┌──
(* Let $G$ be a connected chordal graph and $X\subseteq V(G)$ a vertex subset such that $G[X]$ is connected. Then there is a bijection $f$ from the set of connected components of $G[N_G(X)]$ to the set of connected components of $G-X$ such that a connected component $C$ of $G[N_G(X)]$ is contained in a connected component $H$ of $G-X$ if and only if $H=f(C)$.
   Context: A graph is chordal if it has no induced cycle of length at least $4$. For $X\subseteq V(G)$, $N_G(X)=(\bigcup_{v\in X}N_G(v))\setminus X$. *)

(* A simple graph is a symmetric irreflexive relation e on a finType T. *)
From mathcomp Require Import all_boot.
Set Implicit Arguments. Unset Strict Implicit. Unset Printing Implicit Defensive.

Section Graphs.
Variable T : finType.
Variable e : rel T.

Definition induced_rel (S : {set T}) : rel T :=
  [rel x y | [&& x \in S, y \in S & e x y]].

Definition comp_of (S : {set T}) (x : T) : {set T} :=
  [set y | connect (induced_rel S) x y].

Definition components (S : {set T}) : {set {set T}} :=
  [set comp_of S x | x in S].

Definition connected_on (S : {set T}) : Prop :=
  S != set0 /\ forall x y, x \in S -> y \in S -> connect (induced_rel S) x y.

Definition nbhd (X : {set T}) : {set T} :=
  [set y | (y \notin X) && [exists x in X, e x y]].

Definition induced_long_cycle (s : seq T) : Prop :=
  [/\ 3 < size s, uniq s, cycle e s &
      forall x y, x \in s -> y \in s -> e x y -> (y == next s x) || (x == next s y)].

Definition chordal : Prop := forall s : seq T, ~ induced_long_cycle s.

End Graphs.

(** Suppose two vertices of N(X) lie in one component of G - X but in different
    components of G[N(X)], the first one in C.  A shortest walk in G - X from C to
    N(X) \ C is an induced path P of length at least 2 whose inner vertices avoid
    N(X).  Its ends have neighbours in X, and a shortest path in G[X] from the
    neighbours of one end to those of the other closes P into an induced cycle of
    length at least 4.  So in a chordal graph each component of G - X meets N(X)
    in at most one component of G[N(X)], and it meets N(X) at all since G is
    connected; the bijection sends a component of G[N(X)] to the component of
    G - X containing it. *)

From mathcomp Require Import all_boot zify.
From Stdlib Require Import Classical.
Set Implicit Arguments. Unset Strict Implicit. Unset Printing Implicit Defensive.

Section ChordalSeparator.
Variable T : finType.
Variable e : rel T.
Hypothesis e_sym : symmetric e.
Hypothesis e_irr : irreflexive e.

Lemma comp_of_refl (S : {set T}) x : x \in comp_of e S x.
Proof. by rewrite inE connect0. Qed.

Lemma comp_of_eq (S : {set T}) x y : y \in comp_of e S x -> comp_of e S y = comp_of e S x.
Proof.
have S_sym : connect_sym (induced_rel e S).
  by apply: sym_connect_sym => u v; rewrite /induced_rel /= e_sym andbCA.
by rewrite inE => xy; apply/setP => z; rewrite !inE (same_connect S_sym xy).
Qed.

Lemma comp_of_subset (S : {set T}) x : x \in S -> comp_of e S x \subset S.
Proof.
move=> xS; apply/subsetP => y; rewrite inE => /connectP [q].
elim: q x xS => [|z q IHq] x xS /=; first by move=> _ ->.
by move=> /andP [/and3P [_ zS _]]; apply: IHq.
Qed.

Lemma comp_of_mono (S1 S2 : {set T}) x : S1 \subset S2 -> comp_of e S1 x \subset comp_of e S2 x.
Proof.
move=> /subsetP S12; apply/subsetP => y; rewrite !inE; apply: connect_sub => u v.
by move=> /and3P [uS vS uv]; apply: connect1; rewrite /induced_rel /= uv !S12.
Qed.

Lemma comp_of_adj (S : {set T}) c x y : x \in S -> y \in S -> e x y ->
  x \in comp_of e S c -> y \in comp_of e S c.
Proof.
move=> xS yS xy; rewrite !inE => cx.
by apply: connect_trans cx (connect1 _); rewrite /induced_rel /= xS yS.
Qed.

Lemma nbhdP (X : {set T}) y :
  reflect (y \notin X /\ exists2 x, x \in X & e x y) (y \in nbhd e X).
Proof. by rewrite inE; apply: (iffP andP) => -[yX /exists_inP]. Qed.

Lemma nbhd_subset_compl (X : {set T}) : nbhd e X \subset ~: X.
Proof. by apply/subsetP => y /nbhdP [yX _]; rewrite inE. Qed.

Lemma path_enters_nbhd (X : {set T}) a q : a \notin X -> path e a q -> last a q \in X ->
  exists2 v, v \in nbhd e X & connect (induced_rel e (~: X)) a v.
Proof.
elim: q a => [|b q IHq] a aX /=; first by rewrite (negbTE aX).
move=> /andP [ab b_path] q_last; case: (boolP (b \in X)) => bX.
  by exists a; [apply/nbhdP; split=> //; exists b; rewrite // e_sym | exact: connect0].
have [v vN bv] := IHq b bX b_path q_last; exists v => //.
by apply: connect_trans bv; apply: connect1; rewrite /induced_rel /= !inE aX bX.
Qed.

Definition walk (S : {set T}) (p : nat -> T) (k : nat) : Prop :=
  (forall i, i <= k -> p i \in S) /\ (forall i, i < k -> e (p i) (p i.+1)).

Lemma walk_of_connect (S : {set T}) x y : x \in S -> connect (induced_rel e S) x y ->
  exists p k, [/\ walk S p k, p 0 = x & p k = y].
Proof.
move=> xS /connectP [q /(pathP x) q_path ->].
exists (nth x (x :: q)), (size q); split=> //; last by rewrite (last_nth x).
by split=> [[|i] iq //|i iq]; have /and3P [] := q_path i iq.
Qed.

Definition induced_path (p : nat -> T) (k : nat) : Prop :=
  forall i j, i < j -> j <= k -> p i != p j /\ (e (p i) (p j) -> j = i.+1).

Definition induced_AB_path (S A B : {set T}) (q : nat -> T) (n : nat) : Prop :=
  [/\ walk S q n, forall i, i <= n -> (q i \in A) = (i == 0),
      forall i, i <= n -> (q i \in B) = (i == n) & induced_path q n].

Lemma walk_prefix S p k i : walk S p k -> i <= k -> walk S p i.
Proof. by move=> [pS pe] ik; split=> j ji; [apply: pS | apply: pe]; lia. Qed.

Lemma walk_suffix S p k i : walk S p k -> i <= k -> walk S (fun m => p (i + m)) (k - i).
Proof.
move=> [pS pe] ik; split=> [j jk|j jk]; first by apply: pS; lia.
by rewrite addnS; apply: pe; lia.
Qed.

Lemma walk_splice S p k i j : walk S p k -> i.+1 < j <= k -> e (p i) (p j) ->
  walk S (fun m => p (if m <= i then m else m + (j - i.+1))) (k - (j - i.+1)).
Proof.
move=> [pS pe] /andP [ij jk] eij; split=> [m mk|m mk] /=.
  by apply: pS; case: ifP; lia.
case: (ltngtP m i) => [mi|im|->]; first by apply: pe; lia.
- by rewrite addSn; apply: pe; lia.
- by have -> : i.+1 + (j - i.+1) = j by lia.
Qed.

Lemma induced_AB_path_of_walk (S A B : {set T}) p k : walk S p k -> p 0 \in A -> p k \in B ->
  exists q n, induced_AB_path S A B q n.
Proof.
(* A shortest such walk works: any violation yields a shorter walk by taking a
   suffix, a prefix, or by jumping along a chord. *)
elim/ltn_ind: k p => k IH p Wp pA pB.
case: (classic (exists q n, induced_AB_path S A B q n)) => [//|no_path].
have shorter q n : n < k -> walk S q n -> q 0 \in A -> q n \in B -> False.
  by move=> nk Wq qA qB; apply: no_path; apply: IH nk q Wq qA qB.
have notA i : 0 < i <= k -> p i \notin A.
  move=> /andP [i0 ik]; apply/negP => piA.
  apply: (shorter _ (k - i) _ (walk_suffix Wp ik)); rewrite ?addn0 ?subnKC //; lia.
have notB i : i < k -> p i \notin B.
  by move=> ik; apply/negP; apply: shorter ik (walk_prefix Wp (ltnW ik)) pA.
have no_chord i j : i.+1 < j <= k -> ~~ e (p i) (p j).
  move=> ijk; apply/negP => eij; have [ij jk] := andP ijk.
  apply: (shorter _ _ _ (walk_splice Wp ijk eij)); rewrite /= ?leq0n //; first lia.
  by rewrite leqNgt (_ : i < _); [have -> : k - (j - i.+1) + (j - i.+1) = k by lia | lia].
exfalso; apply: no_path; exists p, k; split=> //.
- move=> i ik; case: (posnP i) => [-> //|i0].
  by apply/negbTE/notA; rewrite i0 ik.
- by move=> i ik; case: (ltngtP i k) ik => [ik _|//|-> _] //; apply/negbTE/notB.
- move=> i j ij jk; split.
  + apply/eqP => pij; case: (ltngtP j k) jk => [jk _|//|jk _].
    * by have := no_chord i j.+1; rewrite ltnS ij jk pij (proj2 Wp) // => /(_ isT).
    * by move: (notB i (leq_trans ij (eq_leq jk))); rewrite pij jk pB.
  + move=> eij; apply/eqP; rewrite eqn_leq ij andbT leqNgt.
    by apply/negP => ij'; move: (no_chord i j); rewrite ij' jk eij => /(_ isT).
Qed.

Lemma next_mkseq (h : nat -> T) n i : uniq (mkseq h n) -> i < n ->
  next (mkseq h n) (h i) = h (if i.+1 < n then i.+1 else 0).
Proof.
move=> s_uniq lt_in; have hi : h i = nth (h 0) (mkseq h n) i by rewrite nth_mkseq.
rewrite next_nth {1}hi mem_nth ?size_mkseq // hi index_uniq ?size_mkseq //.
case: n s_uniq lt_in hi => // n _ lt_in _; rewrite /mkseq -add1n iotaD map_cat /=.
case: ifP => [lt_i1n|ge_i1n]; first by rewrite (nth_map 0) ?nth_iota ?size_iota //; lia.
by rewrite nth_default // size_map size_iota; lia.
Qed.

Lemma induced_long_cycle_mkseq (h : nat -> T) n : 3 < n ->
  (forall i, i.+1 < n -> e (h i) (h i.+1)) -> e (h n.-1) (h 0) ->
  (forall i j, i < j -> j < n ->
     h i != h j /\ (e (h i) (h j) -> j = i.+1 \/ (i = 0 /\ j = n.-1))) ->
  induced_long_cycle e (mkseq h n).
Proof.
move=> n3 h_edge h_close h_ind; set s := mkseq h n.
have s_uniq : uniq s.
  apply/mkseq_uniqP => i j; rewrite !inE => lt_in lt_jn hij.
  case: (ltngtP i j) => [ij|ji|//]; last by have [] := h_ind j i ji lt_in; rewrite hij eqxx.
  by have [] := h_ind i j ij lt_jn; rewrite hij eqxx.
have memsP x : x \in s -> exists2 i, i < n & x = h i.
  by move=> /mapP [i]; rewrite mem_iota add0n; exists i.
split; rewrite ?size_mkseq //.
- apply: (sub_in_cycle (e := frel (next s))) (allss s) (cycle_next s_uniq).
  move=> x y /memsP [i lt_in ->] _ /eqP <-; rewrite next_mkseq //.
  by case: ifP => [/h_edge //|ge_i1n]; have -> : i = n.-1 by lia.
move=> x y /memsP [i lt_in ->] /memsP [j lt_jn ->] eij; rewrite !next_mkseq //.
case: (ltngtP i j) => [ij|ji|ij]; last by rewrite ij e_irr in eij.
- have [_ /(_ eij) [ji1|[i0 jn1]]] := h_ind i j ij lt_jn; subst.
    by rewrite lt_jn eqxx.
  by rewrite prednK ?ltnn ?eqxx ?orbT //; lia.
- rewrite e_sym in eij; have [_ /(_ eij) [ij1|[j0 in1]]] := h_ind j i ji lt_in; subst.
    by rewrite lt_in eqxx orbT.
  by rewrite prednK ?ltnn ?eqxx //; lia.
Qed.

Lemma induced_long_cycle_glue (S : {set T}) p k g m :
  1 < k + m -> walk S p k -> walk (~: S) g m -> induced_path p k -> induced_path g m ->
  e (p k) (g 0) -> e (g m) (p 0) ->
  (forall i j, i <= k -> j <= m -> e (p i) (g j) -> (i = k /\ j = 0) \/ (i = 0 /\ j = m)) ->
  induced_long_cycle e (mkseq (fun t => if t <= k then p t else g (t - k.+1)) (k + m + 2)).
Proof.
move=> km [pS pe] [gS ge] p_ind g_ind e_pg e_gp cross.
apply: induced_long_cycle_mkseq => [|t tn|/=|i j ij jn] /=; first lia.
- case: (ltngtP t k) => [tk|kt|->]; first exact: pe.
    by rewrite (_ : t.+1 - k.+1 = (t - k.+1).+1); [apply: ge|]; lia.
  by rewrite subnn.
- by rewrite ifF ?leq0n; [have -> : (k + m + 2).-1 - k.+1 = m by lia | lia].
case: (leqP j k) => jk.
  by rewrite (leq_trans (ltnW ij) jk); have [? edge] := p_ind i j ij jk; split=> // /edge; left.
case: (leqP i k) => ik.
- split.
    apply/negP=> /eqP pg; have gjS : g (j - k.+1) \in ~: S by apply: gS; lia.
    by rewrite -pg inE pS in gjS.
  by move=> /cross [] //; lia.
- have [g_neq g_edge] := g_ind (i - k.+1) (j - k.+1) ltac:(lia) ltac:(lia).
  by split=> // /g_edge; lia.
Qed.

Lemma nbhd_comps_induced_path (X : {set T}) c1 c2 :
  c1 \in nbhd e X -> c2 \in nbhd e X -> c2 \in comp_of e (~: X) c1 ->
  c2 \notin comp_of e (nbhd e X) c1 ->
  exists p k, [/\ walk (~: X) p k, induced_path p k, 1 < k &
                  forall i, i <= k -> (p i \in nbhd e X) = (i == 0) || (i == k)].
Proof.
move=> c1N c2N; rewrite [c2 \in comp_of _ _ _]inE => c12 c2C1.
set N := nbhd e X in c1N c2N c2C1 *; set C1 := comp_of e N c1 in c2C1 *.
have c1Y : c1 \in ~: X := subsetP (nbhd_subset_compl X) _ c1N.
have [p0 [k0 [Wp0 p00 p0k]]] := walk_of_connect c1Y c12.
have p00C1 : p0 0 \in C1 by rewrite p00 comp_of_refl.
have p0kB : p0 k0 \in N :\: C1 by rewrite p0k inE c2C1 c2N.
have [p [k [Wp pC1 pNC1 p_ind]]] := induced_AB_path_of_walk Wp0 p00C1 p0kB.
have p0N : p 0 \in N by apply: subsetP (comp_of_subset c1N) _ _; rewrite pC1.
have /setDP [pkN pkC1] : p k \in N :\: C1 by rewrite pNC1.
exists p, k; split=> //.
- rewrite ltnNge; apply: contra pkC1.
  case: k Wp pC1 pkN {pNC1 p_ind} => [|[|//]] Wp pC1 pkN _; first by rewrite pC1.
  by apply: comp_of_adj p0N pkN ((proj2 Wp) 0 isT) _; rewrite pC1.
move=> i ik; apply/idP/orP => [piN|[/eqP -> //|/eqP -> //]].
by case: (boolP (p i \in C1)) => piC1; [left; rewrite -pC1 | right; rewrite -pNC1 // inE piC1].
Qed.

Lemma comp_of_compl_nbhd (X : {set T}) c1 c2 : chordal e -> connected_on e X ->
  c1 \in nbhd e X -> c2 \in nbhd e X -> c2 \in comp_of e (~: X) c1 ->
  c2 \in comp_of e (nbhd e X) c1.
Proof.
move=> chordalG [_ connX] c1N c2N c12; apply/negPn/negP => c2C1.
have [p [k [Wp p_ind k2 pN]]] := nbhd_comps_induced_path c1N c2N c12 c2C1.
have p0N : p 0 \in nbhd e X by rewrite pN.
have pkN : p k \in nbhd e X by rewrite pN ?eqxx ?orbT.
have [/nbhdP [_ [x1 x1X x1pk]] /nbhdP [_ [x2 x2X x2p0]]] := conj pkN p0N.
have [g0 [m0 [Wg0 g00 g0m]]] := walk_of_connect x1X (connX x1 x2 x1X x2X).
have g00A : g0 0 \in [set x | e (p k) x] by rewrite g00 inE e_sym.
have g0mB : g0 m0 \in [set x | e (p 0) x] by rewrite g0m inE e_sym.
have [g [m [Wg gA gB g_ind]]] := induced_AB_path_of_walk Wg0 g00A g0mB.
apply: (chordalG _ (induced_long_cycle_glue _ Wp _ p_ind g_ind _ _ _)).
- by rewrite (leq_trans k2) ?leq_addr.
- by rewrite setCK.
- by have := gA 0 (leq0n m); rewrite inE.
- by have := gB m (leqnn m); rewrite inE e_sym eqxx.
move=> i j ik jm epg.
have /orP [] : (i == 0) || (i == k).
  rewrite -pN //; apply/nbhdP; split; first by rewrite -in_setC; apply: (proj1 Wp).
  by exists (g j); [apply: (proj1 Wg) | rewrite e_sym].
- move=> /eqP i0; subst i; right; split=> //; apply/eqP.
  by rewrite -gB // inE.
- move=> /eqP i_k; subst i; left; split=> //; apply/eqP.
  by rewrite -gA // inE.
Qed.

End ChordalSeparator.

Theorem lemma2p1 (T : finType) (e : rel T) (e_sym : symmetric e) (e_irr : irreflexive e)
  (X : {set T}) :
  connected_on e [set: T] -> chordal e -> connected_on e X ->
  exists f : {set T} -> {set T},
    [/\ {in components e (nbhd e X), forall C : {set T}, f C \in components e (~: X)},
        {in components e (nbhd e X) &, injective f},
        {in components e (~: X), forall H : {set T}, exists2 C, C \in components e (nbhd e X) & f C = H} &
        {in components e (nbhd e X), forall C : {set T},
          {in components e (~: X), forall H : {set T}, C \subset H <-> H = f C}}].
Proof.
move=> connG chordalG connX.
have NY := nbhd_subset_compl e X.
pose f (C : {set T}) := if [pick x in C] is Some x then comp_of e (~: X) x else set0.
have fE c : c \in nbhd e X -> f (comp_of e (nbhd e X) c) = comp_of e (~: X) c.
  move=> cN; rewrite /f; case: pickP => [x cx|/(_ c)]; last by rewrite comp_of_refl.
  exact/(comp_of_eq e_sym)/(subsetP (comp_of_mono e c NY)).
exists f; split.
- by move=> _ /imsetP [c cN ->]; rewrite fE // imset_f // (subsetP NY).
- move=> _ _ /imsetP [c1 c1N ->] /imsetP [c2 c2N ->]; rewrite !fE // => Y12.
  apply/esym/(comp_of_eq e_sym)/(comp_of_compl_nbhd e_sym e_irr chordalG connX c1N c2N).
  by rewrite Y12 comp_of_refl.
- move=> _ /imsetP [y + ->]; rewrite inE => yX.
  have [x xX] := set0Pn _ connX.1.
  have /connectP [q yx_path x_last] := connG.2 y x (in_setT y) (in_setT x).
  have sub_e : subrel (induced_rel e [set: T]) e by move=> u v /and3P [].
  have [|v vN yv] := path_enters_nbhd e_sym yX (sub_path sub_e yx_path); first by rewrite -x_last.
  exists (comp_of e (nbhd e X) v); first exact: imset_f.
  by rewrite fE //; apply: (comp_of_eq e_sym); rewrite inE.
- move=> _ /imsetP [c cN ->] _ /imsetP [y yY ->]; rewrite fE //; split.
  + by move=> /subsetP /(_ c (comp_of_refl e _ c)) /(comp_of_eq e_sym) ->.
  + by move=> ->; apply: comp_of_mono.
Qed.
└──
- **WHAT THE TASK ASKS**: Read through the records above and copy the lines that contain "neighbours".

- **RESULT OF THIS TASK**:
    N(X).  Its ends have neighbours in X, and a shortest path in G[X] from the
    neighbours of one end to those of the other closes P into an induced cycle of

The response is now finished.